(* Consider the saddle-point structured problem in the context under the stated assumptions. If $(\bar x,\bar y)$ is an $\varepsilon$-saddle point (for some $\varepsilon\ge0$), then $p(\bar x)-d(\bar y)\le2\varepsilon D_\phi+\frac{3\varepsilon^2}{2\mu}$.
   Context: Let $A\in\mathbb R^{m\times n}$, $f:\mathbb R^n\to\mathbb R$ convex, differentiable with $L_f$-Lipschitz gradient and $\mu$-strongly convex with $\mu>0$, and $r:\mathbb R^n\to\mathbb R\cup\{+\infty\}$, $\phi:\mathbb R^m\to\mathbb R\cup\{+\infty\}$ proper closed convex, with $\mathrm{dom}(\phi)$ bounded and $D_\phi=\max_{y_1,y_2\in\mathrm{dom}(\phi)}\|y_1-y_2\|$. Define $G=f+r$, $p(x)=G(x)+\max_y\{\langle y,Ax\rangle-\phi(y)\}$, $\varphi(y)=\min_x\{G(x)+\langle y,Ax\rangle\}$, $d(y)=\varphi(y)-\phi(y)$. Assume a saddle point $(x^*,y^* )$ exists, i.e. $0\in\partial G(x^* )+A^\top y^*$ and $0\in Ax^*-\partial\phi(y^* )$. A pair $(\bar x,\bar y)$ is an $\varepsilon$-saddle point if $\mathrm{dist}(0,\partial G(\bar x)+A^\top\bar y)\le\varepsilon$ and $\mathrm{dist}(0,A\bar x-\partial\phi(\bar y))\le\varepsilon$, where $\partial$ is the convex subdifferential and $\mathrm{dist}(0,S)=\inf_{s\in S}\|s\|$. *)

From HB Require Import structures.
From mathcomp Require Import all_boot all_order all_algebra.
From mathcomp Require Import boolp classical_sets reals constructive_ereal ereal.
Set Implicit Arguments. Unset Strict Implicit. Unset Printing Implicit Defensive.
Import Order.TTheory GRing.Theory Num.Theory.
Local Open Scope classical_set_scope.
Local Open Scope ring_scope.

Section Defs.
Variable R : realType.

Definition dotv (k : nat) (u v : 'cV[R]_k) : R := \sum_(i < k) u i 0 * v i 0.
Definition normv (k : nat) (u : 'cV[R]_k) : R := Num.sqrt (dotv u u).

Definition edom (k : nat) (g : 'cV[R]_k -> \bar R) : set 'cV[R]_k :=
  [set x | g x \is a fin_num].

Definition proper_fun (k : nat) (g : 'cV[R]_k -> \bar R) : Prop :=
  (forall x, g x != -oo%E) /\ (exists x, g x \is a fin_num).

(* closed = lower semicontinuous (Euclidean topology) *)
Definition closed_fun (k : nat) (g : 'cV[R]_k -> \bar R) : Prop :=
  forall x (a : R), (a%:E < g x)%E ->
    exists2 delta : R, 0 < delta &
      forall y, normv (y - x) < delta -> (a%:E < g y)%E.

Definition convex_efun (k : nat) (g : 'cV[R]_k -> \bar R) : Prop :=
  forall (x y : 'cV[R]_k) (t : R), 0 < t < 1 ->
    (g (t *: x + (1 - t) *: y)%R <= t%:E * g x + (1 - t)%:E * g y)%E.

Definition convex_rfun (k : nat) (f : 'cV[R]_k -> R) : Prop :=
  forall x y (t : R), 0 <= t <= 1 ->
    f (t *: x + (1 - t) *: y) <= t * f x + (1 - t) * f y.

Definition strongly_convex (k : nat) (mu : R) (f : 'cV[R]_k -> R) : Prop :=
  forall x y (t : R), 0 <= t <= 1 ->
    f (t *: x + (1 - t) *: y) <=
      t * f x + (1 - t) * f y - mu / 2 * t * (1 - t) * normv (x - y) ^+ 2.

Definition has_gradient (k : nat) (f : 'cV[R]_k -> R) (x gx : 'cV[R]_k) : Prop :=
  forall eps : R, 0 < eps -> exists2 delta : R, 0 < delta &
    forall h, normv h < delta ->
      `|f (x + h) - f x - dotv gx h| <= eps * normv h.

Definition smooth_Lipschitz_grad (k : nat) (L : R) (f : 'cV[R]_k -> R) : Prop :=
  exists gradf : 'cV[R]_k -> 'cV[R]_k,
    (forall x, has_gradient f x (gradf x)) /\
    (forall x y, normv (gradf x - gradf y) <= L * normv (x - y)).

Definition subdiff (k : nat) (g : 'cV[R]_k -> \bar R) (x : 'cV[R]_k) : set 'cV[R]_k :=
  [set s | g x \is a fin_num /\ forall z, (g x + (dotv s (z - x)%R)%:E <= g z)%E].

(* dist(0, S) = inf_{s in S} ||s||  (= +oo if S is empty) *)
Definition dist0 (k : nat) (S : set 'cV[R]_k) : \bar R :=
  ereal_inf [set (normv s)%:E | s in S].

Definition diam_dom (k : nat) (g : 'cV[R]_k -> \bar R) : \bar R :=
  ereal_sup [set (normv (y1 - y2))%:E | y1 in edom g & y2 in edom g].

Variables (m n : nat).

Definition Gfun (f : 'cV[R]_n -> R) (r : 'cV[R]_n -> \bar R) (x : 'cV[R]_n) : \bar R :=
  ((f x)%:E + r x)%E.

Definition primal_p (A : 'M[R]_(m, n)) (f : 'cV[R]_n -> R) (r : 'cV[R]_n -> \bar R)
  (phi : 'cV[R]_m -> \bar R) (x : 'cV[R]_n) : \bar R :=
  (Gfun f r x + ereal_sup [set ((dotv y (A *m x))%:E - phi y)%E | y in [set: 'cV[R]_m]])%E.

Definition varphi (A : 'M[R]_(m, n)) (f : 'cV[R]_n -> R) (r : 'cV[R]_n -> \bar R)
  (y : 'cV[R]_m) : \bar R :=
  ereal_inf [set (Gfun f r x + (dotv y (A *m x))%:E)%E | x in [set: 'cV[R]_n]].

Definition dual_d (A : 'M[R]_(m, n)) (f : 'cV[R]_n -> R) (r : 'cV[R]_n -> \bar R)
  (phi : 'cV[R]_m -> \bar R) (y : 'cV[R]_m) : \bar R :=
  (varphi A f r y - phi y)%E.

Definition primal_res_set (A : 'M[R]_(m, n)) (f : 'cV[R]_n -> R) (r : 'cV[R]_n -> \bar R)
  (x : 'cV[R]_n) (y : 'cV[R]_m) : set 'cV[R]_n :=
  [set s + A^T *m y | s in subdiff (Gfun f r) x].

Definition dual_res_set (A : 'M[R]_(m, n)) (phi : 'cV[R]_m -> \bar R)
  (x : 'cV[R]_n) (y : 'cV[R]_m) : set 'cV[R]_m :=
  [set A *m x - s | s in subdiff phi y].

Definition is_saddle_point (A : 'M[R]_(m, n)) (f : 'cV[R]_n -> R) (r : 'cV[R]_n -> \bar R)
  (phi : 'cV[R]_m -> \bar R) (x : 'cV[R]_n) (y : 'cV[R]_m) : Prop :=
  primal_res_set A f r x y 0 /\ dual_res_set A phi x y 0.

Definition is_eps_saddle_point (A : 'M[R]_(m, n)) (f : 'cV[R]_n -> R) (r : 'cV[R]_n -> \bar R)
  (phi : 'cV[R]_m -> \bar R) (eps : R) (x : 'cV[R]_n) (y : 'cV[R]_m) : Prop :=
  (dist0 (primal_res_set A f r x y) <= eps%:E)%E /\
  (dist0 (dual_res_set A phi x y) <= eps%:E)%E.

End Defs.

From HB Require Import structures.
From mathcomp Require Import all_boot all_order all_algebra.
From mathcomp Require Import boolp classical_sets reals constructive_ereal ereal.
From mathcomp Require Import ring lra.
Import Order.TTheory GRing.Theory Num.Theory.
Local Open Scope classical_set_scope.
Local Open Scope ring_scope.
Set Implicit Arguments. Unset Strict Implicit. Unset Printing Implicit Defensive.

(* Pick residual vectors sx in dG(xb) and sy in dphi(yb) of norm at most e, for any
   e > eps.  The subgradient inequality for phi at yb bounds the max in p(xb) by
   <yb, A xb> - phi(yb) + e D_phi, since every y in dom(phi) is within D_phi of yb.
   Strong convexity of G turns the subgradient inequality at xb into a quadratic
   lower bound, whose minimum over x bounds varphi(yb) below by
   G(xb) + <yb, A xb> - e^2/mu.  Hence p(xb) - d(yb) <= e D_phi + e^2/mu, and
   letting e decrease to eps gives the (sharper) bound eps D_phi + eps^2/mu. *)

Section InnerProduct.
Variables (R : realType) (k : nat).
Implicit Types u v w : 'cV[R]_k.

Lemma dotvC u v : dotv u v = dotv v u.
Proof. by apply: eq_bigr => i _; rewrite mulrC. Qed.

Lemma dotvDr u v w : dotv u (v + w) = dotv u v + dotv u w.
Proof. by rewrite /dotv -big_split; apply: eq_bigr => i _; rewrite mxE mulrDr. Qed.

Lemma dotvZr u v a : dotv u (a *: v) = a * dotv u v.
Proof. by rewrite /dotv mulr_sumr; apply: eq_bigr => i _; rewrite mxE mulrCA. Qed.

Lemma dotvBr u v w : dotv u (v - w) = dotv u v - dotv u w.
Proof. by rewrite dotvDr -scaleN1r dotvZr mulN1r. Qed.

Lemma dotvDl u v w : dotv (v + w) u = dotv v u + dotv w u.
Proof. by rewrite dotvC dotvDr !(dotvC u). Qed.

Lemma dotvBl u v w : dotv (v - w) u = dotv v u - dotv w u.
Proof. by rewrite dotvC dotvBr !(dotvC u). Qed.

Lemma dotvZl u v a : dotv (a *: v) u = a * dotv v u.
Proof. by rewrite dotvC dotvZr dotvC. Qed.

Lemma dotvv_ge0 u : 0 <= dotv u u.
Proof. by apply: sumr_ge0 => i _; rewrite -expr2 sqr_ge0. Qed.

Lemma normv_ge0 u : 0 <= normv u.
Proof. exact: sqrtr_ge0. Qed.

Lemma sqr_normv u : normv u ^+ 2 = dotv u u.
Proof. by rewrite sqr_sqrtr // dotvv_ge0. Qed.

Lemma dotv_sqr_le u v : dotv u v ^+ 2 <= dotv u u * dotv v v.
Proof.
set a := dotv u u; set b := dotv u v; set c := dotv v v.
have q s t : 0 <= s ^+ 2 * a + 2 * s * t * b + t ^+ 2 * c.
  have := dotvv_ge0 (s *: u + t *: v).
  by rewrite !dotvDl !dotvDr !dotvZl !dotvZr (dotvC v u) -/a -/b -/c; lra.
have a0 : 0 <= a := dotvv_ge0 u; have c0 : 0 <= c := dotvv_ge0 v.
have [c_gt0|c_le0] := ltP 0 c; first by have := q c (- b); nra.
have c_eq0 : c = 0 by apply/eqP; rewrite eq_le c_le0 c0.
have := q (- b) a; have := q 1 (- b); rewrite c_eq0; nra.
Qed.

Lemma normv_dotv_le u v : `|dotv u v| <= normv u * normv v.
Proof.
rewrite -(@ler_pXn2r _ 2) ?nnegrE ?mulr_ge0 ?normv_ge0 //.
by rewrite exprMn !sqr_normv real_normK ?num_real // dotv_sqr_le.
Qed.

Lemma normvB_le u v : normv (u - v) <= normv u + normv v.
Proof.
rewrite -(@ler_pXn2r _ 2) ?nnegrE ?addr_ge0 ?normv_ge0 //.
rewrite sqr_normv dotvBl !dotvBr (dotvC v u) sqrrD !sqr_normv.
have := normv_dotv_le u v; rewrite ler_norml => /andP[+ _]; lra.
Qed.

End InnerProduct.

Lemma dotv_trmx (R : realType) m n (A : 'M[R]_(m, n)) y x :
  dotv y (A *m x) = dotv (A^T *m y) x.
Proof.
have dotvE k (u v : 'cV[R]_k) : dotv u v = (u^T *m v) 0 0.
  by rewrite mxE; apply: eq_bigr => i _; rewrite mxE.
by rewrite !dotvE mulmxA trmx_mul trmxK.
Qed.

(* The infimum defining [dist0] need not be attained, hence the slack [eps < e]. *)
Lemma dist0_le_witness (R : realType) k (S : set 'cV[R]_k) (eps e : R) :
  (dist0 S <= eps%:E)%E -> eps < e -> exists2 s, S s & normv s <= e.
Proof.
move=> S_eps eps_e.
have /ereal_inf_lt[_ [s Ss <-]] : (dist0 S < e%:E)%E.
  by apply: le_lt_trans S_eps _; rewrite lte_fin.
by rewrite lte_fin => /ltW; exists s.
Qed.

Lemma diam_dom_bounded (R : realType) k (g : 'cV[R]_k -> \bar R) y0 M :
  edom g y0 -> (forall y, edom g y -> normv y <= M) ->
  exists2 D : R, diam_dom g = D%:E &
    forall y1 y2, edom g y1 -> edom g y2 -> normv (y1 - y2) <= D.
Proof.
move=> gy0 gM.
have diam_ub y1 y2 : edom g y1 -> edom g y2 ->
    ((normv (y1 - y2))%:E <= diam_dom g)%E.
  by move=> g1 g2; apply: ereal_sup_ubound; exists y1 => //; exists y2.
have : diam_dom g \is a fin_num.
  rewrite fin_numE; apply/andP; split.
    by rewrite gt_eqF // (lt_le_trans _ (diam_ub _ _ gy0 gy0)) ?ltNyr.
  rewrite lt_eqF // (@le_lt_trans _ _ (M + M)%:E) ?ltry //.
  apply: ge_ereal_sup => _ [y1 g1 [y2 g2 <-]]; rewrite lee_fin.
  by apply: le_trans (normvB_le _ _) _; apply: lerD; apply: gM.
move=> /fineK D_fin; exists (fine (diam_dom g)) => // y1 y2 g1 g2.
by rewrite -lee_fin D_fin diam_ub.
Qed.

Section GapBound.
Variables (R : realType) (m n : nat) (A : 'M[R]_(m, n)).
Variables (f : 'cV[R]_n -> R) (r : 'cV[R]_n -> \bar R) (phi : 'cV[R]_m -> \bar R).
Variable mu : R.
Hypotheses (mu_gt0 : 0 < mu) (f_sc : strongly_convex mu f).
Hypotheses (r_conv : convex_efun r) (r_nNy : forall x, r x != -oo%E).
Hypothesis phi_nNy : forall y, phi y != -oo%E.

(* The subgradient inequality at the midpoint of [x] and [z], combined with
   strong convexity on that segment; the midpoint costs a factor 2 on [mu]. *)
Lemma subdiff_Gfun_quadratic_lb x s z : subdiff (Gfun f r) x s ->
  ((fine (Gfun f r x) + dotv s (z - x) + mu / 4 * normv (z - x) ^+ 2)%:E
     <= Gfun f r z)%E.
Proof.
case=> Gx_fin s_sub.
move: (Gx_fin); rewrite fin_numD => /andP[_ /EFin_fin_numP[rx rxE]].
rewrite /Gfun rxE /= in s_sub *.
case rzE: (r z) => [rz| |]; [| by rewrite addey ?leey | by move: (r_nNy z); rewrite rzE].
set w := 2^-1 *: z + (1 - 2^-1) *: x.
have half01 : 0 < (2^-1 : R) < 1 by apply/andP; split; lra.
have half_in01 : 0 <= (2^-1 : R) <= 1 by apply/andP; split; lra.
have r_mid := r_conv z x half01; rewrite rzE rxE -!EFinM -EFinD in r_mid.
have f_mid := f_sc z x half_in01.
have := le_trans (s_sub w) (leeD2l (f w)%:E r_mid).
rewrite -!EFinD !lee_fin /w dotvBr dotvDr !dotvZr dotvBr.
lra.
Qed.

Lemma sup_pairing_sub_le x y sy (e b : R) : subdiff phi y sy ->
  normv (A *m x - sy) <= e -> (forall y', edom phi y' -> normv (y' - y) <= b) ->
  (ereal_sup [set ((dotv y' (A *m x))%:E - phi y')%E | y' in [set: 'cV[R]_m]]
     <= (dotv y (A *m x) - fine (phi y) + e * b)%:E)%E.
Proof.
case=> /EFin_fin_numP[q qE] sy_sub res_e dom_b; rewrite qE /=.
apply: ge_ereal_sup => _ [y' _ <-].
case q'E: (phi y') => [q'| |]; [| exact: leNye | by move: (phi_nNy y'); rewrite q'E].
have := sy_sub y'; rewrite qE q'E -EFinD lee_fin => sub_y'.
have /dom_b y'_b : edom phi y' by rewrite /edom /= q'E.
have := normv_dotv_le (A *m x - sy) (y' - y); rewrite ler_norml => /andP[_].
move: sub_y'; rewrite -EFinB lee_fin dotvBl !dotvBr !(dotvC _ (A *m x)).
have := normv_ge0 (A *m x - sy); have := normv_ge0 (y' - y); nra.
Qed.

Lemma varphi_ge x y sx (e : R) : subdiff (Gfun f r) x sx ->
  normv (sx + A^T *m y) <= e ->
  ((fine (Gfun f r x) + dotv y (A *m x) - e ^+ 2 / mu)%:E <= varphi A f r y)%E.
Proof.
move=> sx_sub res_e; apply: le_ereal_inf_tmp => _ [z _ <-].
apply: le_trans (leeD (subdiff_Gfun_quadratic_lb z sx_sub) (lexx _)).
rewrite -EFinD lee_fin.
have := normv_dotv_le (sx + A^T *m y) (z - x); rewrite ler_norml => /andP[+ _].
rewrite dotvDl !dotvBr !dotv_trmx.
have : 0 <= mu / 4 * normv (z - x) ^+ 2 - e * normv (z - x) + e ^+ 2 / mu.
  have -> : mu / 4 * normv (z - x) ^+ 2 - e * normv (z - x) + e ^+ 2 / mu =
      (mu * normv (z - x) / 2 - e) ^+ 2 / mu by field; rewrite gt_eqF.
  by rewrite divr_ge0 ?sqr_ge0 ?ltW.
have := normv_ge0 (z - x); nra.
Qed.

Lemma primal_dual_gap_le x y sx sy (e b : R) :
  subdiff (Gfun f r) x sx -> normv (sx + A^T *m y) <= e ->
  subdiff phi y sy -> normv (A *m x - sy) <= e ->
  (forall y', edom phi y' -> normv (y' - y) <= b) ->
  (primal_p A f r phi x - dual_d A f r phi y <= (e * b + e ^+ 2 / mu)%:E)%E.
Proof.
move=> sx_sub res_x sy_sub res_y dom_b.
have Gx_fin := fineK sx_sub.1; have phiy_fin := fineK sy_sub.1.
rewrite /primal_p /dual_d -Gx_fin -phiy_fin.
apply: le_trans (leeB (leeD2l _ (sup_pairing_sub_le sy_sub res_y dom_b))
                      (leeB (varphi_ge sx_sub res_x) (lexx _))) _.
by rewrite -EFinB lee_fin; lra.
Qed.

End GapBound.

Lemma lee_quadratic_right_limit (R : realFieldType) (X : \bar R) (eps b c : R) :
  0 <= eps -> 0 <= b -> 0 <= c ->
  (forall e, eps < e -> (X <= (e * b + e ^+ 2 * c)%:E)%E) ->
  (X <= (eps * b + eps ^+ 2 * c)%:E)%E.
Proof.
move=> eps_ge0 b_ge0 c_ge0 X_le; apply/lee_addgt0Pr => delta delta_gt0.
set K := b + 2 * eps * c + c.
have K_ge0 : 0 <= K by rewrite /K; nra.
set t := delta / (K + delta).
have t_gt0 : 0 < t by rewrite divr_gt0 // ltr_wpDl.
have t_le1 : t <= 1 by rewrite ler_pdivrMr ?ltr_wpDl // mul1r lerDr.
have tK_le : t * K <= delta.
  by rewrite mulrAC ler_pdivrMr ?ltr_wpDl //; nra.
apply: le_trans (X_le (eps + t) _) _; first by rewrite ltrDl.
have tc_le : t ^+ 2 * c <= t * c
  by rewrite expr2 -mulrA ler_piMl // mulr_ge0 // ltW.
rewrite -EFinD lee_fin; rewrite /K in tK_le; nra.
Qed.

Theorem theorem6p3 (R : realType) (m n : nat) (A : 'M[R]_(m, n))
  (f : 'cV[R]_n -> R) (Lf mu : R)
  (r : 'cV[R]_n -> \bar R) (phi : 'cV[R]_m -> \bar R)
  (hf_conv : convex_rfun f)
  (hf_smooth : smooth_Lipschitz_grad Lf f)
  (hmu : 0 < mu) (hf_sc : strongly_convex mu f)
  (hr_prop : proper_fun r) (hr_closed : closed_fun r) (hr_conv : convex_efun r)
  (hphi_prop : proper_fun phi) (hphi_closed : closed_fun phi)
  (hphi_conv : convex_efun phi)
  (hphi_bdd : exists M : R, forall y, edom phi y -> normv y <= M)
  (hsaddle : exists (xs : 'cV[R]_n) (ys : 'cV[R]_m), is_saddle_point A f r phi xs ys)
  (eps : R) (heps : 0 <= eps) (xb : 'cV[R]_n) (yb : 'cV[R]_m)
  (hxy : is_eps_saddle_point A f r phi eps xb yb) :
  (primal_p A f r phi xb - dual_d A f r phi yb
     <= (2 * eps)%:E * diam_dom phi + (3 * eps ^+ 2 / (2 * mu))%:E)%E.
Proof.
case: hxy => res_x res_y.
have eps_lt : eps < eps + 1 by rewrite ltrDl.
have [_ [sy0 /proj1 yb_dom _] _] := dist0_le_witness res_y eps_lt.
have [M dom_M] := hphi_bdd.
have [D diamE dom_D] := diam_dom_bounded yb_dom dom_M.
have D_ge0 : 0 <= D := le_trans (normv_ge0 _) (dom_D _ _ yb_dom yb_dom).
rewrite diamE -EFinM -EFinD.
apply: (@le_trans _ _ (eps * D + eps ^+ 2 * mu^-1)%:E); last first.
  by rewrite lee_fin -mulrA mulrC; have := divr_ge0 (sqr_ge0 eps) (ltW hmu); nra.
apply: lee_quadratic_right_limit => // [|e eps_e]; first by rewrite invr_ge0 ltW.
have [_ [sx sx_sub <-] res_x_e] := dist0_le_witness res_x eps_e.
have [_ [sy sy_sub <-] res_y_e] := dist0_le_witness res_y eps_e.
apply: (primal_dual_gap_le hmu hf_sc hr_conv hr_prop.1 hphi_prop.1
          sx_sub res_x_e sy_sub res_y_e).
by move=> y y_dom; apply: dom_D.
Qed.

■ **Assignment**:
Print, from the entries above, the line with "((fine (Gfun f r x) + dotv s", the line with "rewrite /Gfun rxE /= in s_sub *." and all lines between them, exactly and with nothing else.

■ **Written solution**:
  ((fine (Gfun f r x) + dotv s (z - x) + mu / 4 * normv (z - x) ^+ 2)%:E
     <= Gfun f r z)%E.
Proof.
case=> Gx_fin s_sub.
move: (Gx_fin); rewrite fin_numD => /andP[_ /EFin_fin_numP[rx rxE]].
rewrite /Gfun rxE /= in s_sub *.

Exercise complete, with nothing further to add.